今週の待ち時間は0から15分ぐらいでは?午前中の早い時間がお薦め。午後は暑くて、ベビーカーでも車でもきついですね。チャイルドシートが暑くなり過ぎて、小さなお子さんはつらい。午前中の方が安全でしょう。健診と予防接種も、診療時間内はいつでもOKということで。
毎年の恒例行事ですが、7月末から8月まで、受付に小さなオモチャを置きます。今年は震災や放射能など、健康や心の面で、暗い話題が続いています。少し早いのですが、7月からいろいろな種類の小さなオモチャやシールを選びました。気に入った物を選んで、お持ち帰り下さい。こういうイベントもたまにはいい?
入口のキリギリス(いつの間にか2匹に)が元気よく鳴き始めました。虫嫌いの方は、お許しください。「ギーチョン、ギーチョン」と鳴く声は、真夏!という感じ。診察室にも聞こえてきます。気分転換にはいいですね(私だけかもしれませんが)。

あせも(汗疹)水

手足口病とヘルパンギーナの流行時期になった。今年は少ない。明日(日曜日)の午後3時30分から4時30分の1時間診療します。お困りの方はどうぞ。

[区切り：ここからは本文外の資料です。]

(* Assume $b<0$ and $a>0$, and let $(J,E)\in D_1$, with $q\in(0,\sqrt{a/3})$ such that $J=q(q^2-a)/b$. Then $$\lim_{E\to E_+(J)}T(J,E)=+\infty,\quad \lim_{E\to E_+(J)}\tilde M(J,E)=+\infty,\quad \lim_{E\to E_+(J)}\frac{\tilde M(J,E)}{T(J,E)}=\frac{q^2-a}{2b},$$ $$\lim_{E\to E_+(J)}\tilde P(J,E)=+\infty,\quad \lim_{E\to E_+(J)}\frac{\tilde P(J,E)}{T(J,E)}=\frac{q(q^2-a)}{2b}.$$
   Context: Consider the ODE $u_{xx}+au+b|u|^2u=0$ with $b<0<a$, and the quantities $J=\operatorname{Im}(u\bar u_x)$, $E=\frac12|u_x|^2+\frac a2|u|^2+\frac b4|u|^4$. Let $V_J(r)=\frac{J^2}{2r^2}+a\frac{r^2}{2}+b\frac{r^4}{4}$. For $0<J<\sqrt{\frac{4a^3}{27b^2}}$ write $J=q(q^2-a)/b=Q(Q^2-a)/b$ with $0<q^2<a/3<Q^2<a$, $q,Q>0$; set $E_-(J)=\frac1{4b}(Q^2-a)(3Q^2+a)$ and $E_+(J)=\frac1{4b}(q^2-a)(3q^2+a)$ (local minimum and maximum values of $V_J$). Let $D_1=\{(J,E):0<J<\sqrt{\frac{4a^3}{27b^2}},\ E_-(J)<E<E_+(J)\}$. For $(J,E)\in D_1$, let $r_1<r_2<r_3$ be the positive roots of $E-V_J(r)$ and define $T(J,E)=2\int_{r_1}^{r_2}\frac{dr}{\sqrt{2(E-V_J(r))}}$, $\tilde M(J,E)=\int_{r_1}^{r_2}\frac{r^2\,dr}{\sqrt{2(E-V_J(r))}}$, and $\tilde P(J,E)=\frac12 J\,T(J,E)$. *)

From Stdlib Require Import Reals Lra ClassicalEpsilon.
From Coquelicot Require Import Coquelicot.
Open Scope R_scope.

Definition VJ (a b J r : R) : R :=
  J ^ 2 / (2 * r ^ 2) + a * r ^ 2 / 2 + b * r ^ 4 / 4.

(* E_+(J) = (q^2 - a)(3 q^2 + a)/(4 b), where J = q (q^2 - a)/b, 0 < q^2 < a/3 *)
Definition E_plus (a b q : R) : R := (q ^ 2 - a) * (3 * q ^ 2 + a) / (4 * b).

Definition roots_spec (a b J E : R) (t : R * R * R) : Prop :=
  let '(r1, r2, r3) := t in
  0 < r1 /\ r1 < r2 /\ r2 < r3 /\
  E - VJ a b J r1 = 0 /\ E - VJ a b J r2 = 0 /\ E - VJ a b J r3 = 0 /\
  (forall r, 0 < r -> E - VJ a b J r = 0 -> r = r1 \/ r = r2 \/ r = r3).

皮膚科の先生のメーリングリストに参加させていただいている。昨年の夏、汗疹(あせも)水の成分が話題となった。しかし、私はあまり興味がなかった。理由は私の「水薬嫌い」に。ごく一部の薬を除いては、私は粉薬しか処方しない。理由は子供が誤飲することだ。「テーブルの上に置いていたら、3日分を一気に飲んでしまった」ということがある。まして、皮膚につける水薬を、誤って飲まれても困る。
今年は節電の影響もあって、汗疹で苦しむお子さんが多い。これからが夏本番。思い余って、汗疹水を作ってみようと思った。ところが、昨年のメールはとっくに削除済み。そこで、勤務医時代からの友人である、千歳台きたのクリニック(皮膚科、形成外科、小児外科)の北野先生ご夫妻にメールを送って、汗疹水の成分を教えていただいた。7月1日から使っている。今年は活躍する処方になるのだろう。
(汗疹)
汗疹は皮膚にある汗の出る穴(汗腺)がつまって、中に汗が溜まり、感染と炎症で赤くなった状態を言います。皮膚を洗って汗腺のつまりをとり、軽く消毒することが基本です。保湿は汗腺のつまりを助長しますので厳禁です。基本は皮膚を洗って、乾燥させることです。
(あせも水の特徴)
1) 皮膚を乾燥させる作用があります。汗疹は汗で湿っている皮膚に起こる病気です。
2) ふやけた皮膚を引き締める効果があります。
3) 軽い消毒作用があります。
4) 朝のシャワーの後や、風呂上がりなどにお使い下さい。1日2-3回が目安です。
5) 傷がある皮膚では、チクチクとした刺激感があります。
6) 乾燥肌には使わないで下さい。
7) 間違って、飲まないように。